Dimensional Analysis and Power Counting in $R$ and $R^2$ Gravity Perturbation Expansions

Question

In the context of $R$ gravity, the perturbation expansion appears as:

$$ S=\int \left( \partial \tilde{h} \partial \tilde{h} + X \tilde{h} \partial \tilde{h} \partial \tilde{h} + ... \right) d^4 x $$

To argue the non-renormalizability of this theory using the power counting argument, I've considered: $[\partial]=1$, $[h]=1$, and $[X]=[-1]$. Given these dimensions, all the terms in the perturbation expansion have a net dimension of 4, which with the factor $[d^4x]=-4$, renders the action dimensionless. Furthermore, because $[X]<0$, higher energy terms are enhanced rather than suppressed, leading to the conclusion that the theory is not power-counting renormalizable. Is my understanding correct?

For $ a R^2 $ gravity (where $[a]=-2$ and $[R^2]=4$), the perturbation expansion is:

$$ S=\int \left( ( \partial \tilde{h} \partial \tilde{h} )^2 + 2\sqrt{X} \tilde{h}(\partial \tilde{h} \partial {h})^2 + ... \right) d^4 x $$

A particular paper (RG) I'm referencing (see equation 51 on page 10) posits that $[X] = 0$, which would imply the renormalizability of $aR^2 $ gravity.

I'm struggling with applying the power counting argument here. If we maintain $[h]=1$ and $[\partial]=1$ as in the $R$ gravity scenario, then $[( \partial \tilde{h} \partial \tilde{h} )^2]$ ends up being 8, which does not make the action dimensionless. My subsequent deduction would be that $[\sqrt{X}]$ must cancel out the dimension of $[h]$, resulting in $[\sqrt{X}]=-1$. The only resolution I see is if the metric perturbation $h$ in $ aR^2 $ gravity does not retain the same dimensions as in $ R $ gravity. Could $ h $ in $ aR^2 $ be dimensionless, implying $[X]=0$? Is there a justification for $ h $ having different dimensions across the two theories, even though both $ h $'s represent metric perturbations?

Answer 1

The starting assumption of this kind of scaling analysis is that you are working around a conformal fixed point.

In the case of GR, the conformal fixed point is the free theory, $\sim (\partial h)^2$. In this case, we don't really need to assume that the free theory is a fixed point; we know a massless free theory is conformal. Because the theory is conformal, we know the action can't change under a rescaling of the coordinates. Then $h$ inherits its scaling properties from the scaling of $d^4 x$, $\partial$, and the requirement that the action not change.
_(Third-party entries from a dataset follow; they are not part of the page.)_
(* Let $k$ be a field, $S=k[x_1,\dots,x_n]$, and let $\Delta$ be a connected simplicial graph on $[n]$ of genus $0$ (a tree). Let $M$ be an indecomposable square-free $S$-module (not necessarily Cohen--Macaulay) with support on $\Delta$, locally of rank $1$, of multi-degree $(0,0,\dots,0)$. Then $M$ is isomorphic to a module for which, after identifying $M_{\{v\}}=k$ for every vertex $v$ and $M_e=k$ for every edge $e$, each map $\varphi_{ve}:M_{\{v\}}\to M_e$ equals $1$ (the identity) if $v\in e$ (and is $0$ otherwise).
   Context: $S$ is $\mathbf{Z}^n$-graded. A finitely generated $\mathbf{Z}^n$-graded $S$-module $M$ is square-free if $M_{\mathbf{a}}=0$ for $\mathbf{a}\notin\mathbf{N}^n$ and multiplication by $x_i$, $M_{\mathbf{a}}\to M_{\mathbf{a}+\mathbf{e}_i}$, is bijective whenever $\mathbf{a}\in\mathbf{N}^n$ and $a_i>0$. For $F\subseteq[n]$, $M_F$ is the component of $M$ in the degree given by the indicator vector of $F$, and for $F\subseteq G$, $\varphi_{FG}:M_F\to M_G$ is multiplication by $\prod_{i\in G\setminus F}x_i$. A simplicial graph on $[n]$ is a $1$-dimensional simplicial complex $\Delta$ with vertex set $[n]$; $I_\Delta$ is generated by $\prod_{i\in\sigma}x_i$ for $\sigma\notin\Delta$. $M$ has support on $\Delta$ if its annihilator is $I_\Delta$. $M$ is locally of rank $1$ if $\dim_k M_F=1$ for every edge $F$. The multi-degree is $\mathbf{d}$ with $d_i=\dim_k M_{\{i\}}-1$. The genus is $\dim_k\widetilde H_1(\Delta;k)$. *)

From HB Require Import structures.
From mathcomp Require Import all_boot all_order all_algebra.
From mathcomp Require Import mpoly.
Set Implicit Arguments. Unset Strict Implicit. Unset Printing Implicit Defensive.
Import Order.TTheory GRing.Theory Num.Theory.
Local Open Scope ring_scope.

Definition deg (n : nat) := {ffun 'I_n -> int}.
Definition degle n (a b : deg n) : bool := [forall i, a i <= b i].
Definition degnonneg n (a : deg n) : bool := [forall i, 0 <= a i].
Definition degS n (a : deg n) (i : 'I_n) : deg n :=
  [ffun j => a j + (j == i)%:R].
Definition degaddm n (a : deg n) (m : 'X_{1..n}) : deg n :=
  [ffun j => a j + (m j)%:Z].
Definition ind n (F : {set 'I_n}) : deg n := [ffun j => ((j \in F) : nat)%:Z].

(* A Z^n-graded S-module, S = k[x_1..x_n]: graded pieces M_a = k^(gdim a)
   (row vectors), and gmul a b = multiplication by x^(b-a) : M_a -> M_b
   (acting on the right on row vectors), meaningful for a <= b. *)
Record gmod (k : fieldType) (n : nat) := GMod {
  gdim : deg n -> nat;
  gmul : forall a b : deg n, 'M[k]_(gdim a, gdim b);
  gmul_id : forall a, gmul a a = 1%:M;
  gmul_comp : forall a b c, degle a b -> degle b c ->
     gmul a b *m gmul b c = gmul a c }.

Section Defs.
Variables (k : fieldType) (n : nat).

Definition fingen (M : gmod k n) : Prop :=
  exists s : seq {a : deg n & 'rV[k]_(gdim M a)},
    forall b : deg n,
      (1%:M <= \sum_(g <- s | degle (tag g) b)
                   << tagged g *m gmul M (tag g) b >>)%MS.

Definition sqfree (M : gmod k n) : Prop :=
  (forall a, ~~ degnonneg a -> gdim M a = 0%N) /\
  (forall a i, degnonneg a -> 0 < a i ->
     row_free (gmul M a (degS a i)) && row_full (gmul M a (degS a i))).

(* f annihilates M: f . v = 0 for every homogeneous v; the component of
   f . v (v in M_a) in degree a+m is  f_m x^m v. *)
Definition annihilates (M : gmod k n) (f : {mpoly k[n]}) : Prop :=
  forall (a : deg n) (v : 'rV[k]_(gdim M a)) (m : 'X_{1..n}),
    f@_m *: (v *m gmul M a (degaddm a m)) = 0.
(* Let $J$ be a bounded half-line Jacobi matrix with $0<\inf_na_n\le\sup_na_n<\infty$, and let $\mathcal R$ be the set of its right limits. Let $\Xi$ be the set of $x_0\in\mathbb{R}$ such that for every $J^{(r)}\in\mathcal R$ and every nonzero solution $(u_n)_{n\in\mathbb{Z}}$ of $a^{(r)}_nu_{n+1}+b^{(r)}_nu_n+a^{(r)}_{n-1}u_{n-1}=x_0u_n$ one has $\sum_{n=-\infty}^0|u_n|^2=\infty$. Then: (i) for every compact $\tilde K\subset\Xi$, $\sup_{x_0\in\tilde K}p_n(x_0)^2/K_n(x_0,x_0)\to0$ as $n\to\infty$ (the Nevai condition holds uniformly on $\tilde K$); (ii) if $\Xi\supseteq\sigma_{\mathrm{ess}}(J)$, then $\sup_{x_0\in\sigma(J)}p_n(x_0)^2/K_n(x_0,x_0)\to0$ (the Nevai condition holds uniformly on $\sigma(J)$).
   Context: A half-line Jacobi matrix $J$ with parameters $\{a_n,b_n\}_{n\ge1}$ ($a_n>0$) acts on $\ell^2(\{1,2,\dots\})$ by $J_{nn}=b_n$, $J_{n,n+1}=J_{n+1,n}=a_n$; $\rho$ is its spectral measure for $\delta_1$, $p_n$ ($n\ge0$) its orthonormal polynomials ($p_{-1}=0$, $p_0=1$, $xp_n=a_{n+1}p_{n+1}+b_{n+1}p_n+a_np_{n-1}$), and $K_n(x,y)=\sum_{j=0}^np_j(x)p_j(y)$. A two-sided sequence $\{a^{(r)}_n,b^{(r)}_n\}_{n\in\mathbb{Z}}$ is a right limit of $J$ if there are $m_j\to\infty$ with $a_{m_j+n}\to a^{(r)}_n$ and $b_{m_j+n}\to b^{(r)}_n$ for every $n\in\mathbb{Z}$; $J^{(r)}$ is the corresponding two-sided Jacobi matrix. The Nevai condition at $x_0$ means $K_n(x,x_0)^2\,d\rho(x)/K_n(x_0,x_0)\to\delta_{x_0}$ weakly. *)

From Stdlib Require Import Reals ZArith Rtopology.
Open Scope R_scope.

(* Convention: a b : nat -> R hold the Jacobi parameters a_n, b_n for n >= 1;
   the values a 0, b 0 are irrelevant (never used). *)

(* Orthonormal polynomials: pp n x = (p_n(x), p_{n-1}(x)), p_{-1} = 0, p_0 = 1,
   p_{n+1} = ((x - b_{n+1}) p_n - a_n p_{n-1}) / a_{n+1}. *)
Fixpoint pp (a b : nat -> R) (n : nat) (x : R) : R * R :=
  match n with
  | O => (1, 0)
  | S m => let '(pm, pm1) := pp a b m x in
           (((x - b (S m)) * pm - a m * pm1) / a (S m), pm)
  end.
Once we know the scaling of $h$, we can then determine the mass dimension of operators that deform the fixed point.

In the case of $R^2$ gravity, the authors are assuming that $R^2$ gravity is a consistent conformal fixed point. That is not something they can prove (and I would even say probably isn't true for reasons I'll get to in a moment). They then want to check that this is a consistent assumption by looking at various interactions. Again, assuming that we have a conformal fixed point, the scaling of $h$ can be deduced from the "kinetic term" $\sim (\partial h)^4$. Given the scaling rules for $d^4 x$, $\partial$, and that the action has to be invariant, we see that $h$ has to be dimensionless. Then one can consider additional operators, and one finds that the new terms in $R^2$ can be consistently added with no dimensionful operators. To directly answer your question: it is not a problem that we find $h$ scales differently in $R^2$ gravity vs GR (with $R$), because our starting conformal fixed point was different.
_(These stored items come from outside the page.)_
Theorem mainTheorem16 (K : fieldType) (p : nat) :
  p \in [pchar K] ->
  fin_gen_ext (@perfect_core K p) ->
  (exists x : K, ~ @perfect_core K p x) ->
  ~ diff_fin_gen (@perfect_core K p).
Proof.
move=> charKp [xs K_gen] /exists_not_is_power[u u_notp].
move=> [m [gens [gens_diff gens_span]]].
have p_prime := pcharf_prime charKp.
have [n gens_ord] := common_diff_order gens_diff.
have gens_lin i : pow_linear (p ^ n) (gens i).
  exact (pow_linear_diff_order charKp (gens_ord i) (ltn_expl n (prime_gt1 p_prime))).
pose k := @is_power K (p ^ n.+1).
have k_subfield : subfield_pred k := is_power_subfield charKp n.+1.
have k_pow z : k (z ^+ (p ^ n.+1)) by exists z.
have q_gt0 : (0 < p ^ n.+1)%N by rewrite expn_gt0 prime_gt0.
have core_k c : perfect_core p c -> k c by apply.
have K_span z : mono_span k xs z.
  exact (field_gen_mono_span k_subfield q_gt0 k_pow core_k (K_gen z)).
have K_kspan z : kspan k (reduced_monos (p ^ n.+1) xs) z.
  exact (mono_span_kspan k_subfield q_gt0 k_pow (K_span z)).
have t_notin : ~ k (u ^+ (p ^ n)) by move/(is_power_expr_pchar charKp).
have [D [D_lin Dt D1]] := exists_klinear_kill k_subfield K_kspan t_notin.
have D_diff := klinear_is_diffop charKp k_pow core_k D_lin K_span.
have [E [E_gen E_D]] := gens_span D D_diff.
have := alg_gen_pow_linear gens_lin E_gen u 1.
rewrite mulr1 !E_D Dt D1 mulr1 => t0.
by apply: t_notin; rewrite -t0; apply: (subfield0 k_subfield).
Qed.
One major issue with this analysis is that one is assuming that there is a consistent fixed point using $R^2$. A reason to be skeptical of this claim is that the equations of motion are more than second order in $h$. This will lead to an Ostragradsky instability classically, or a ghost quantum mechanically. Relatedly, there are bounds like the Froissart bound coming from unitarity that essentially say that the propagator (two point function) cannot fall off faster than $\sim k^{-2}$ in momentum space at high energies. $R^2$ gravity will violate this bound. The moral of the story is that there is more to life than power counting renormalizabilty; the combination of constraints unitarity, renormalizability, and Lorentz invariance are very strong and hard to simultaneously satisfy.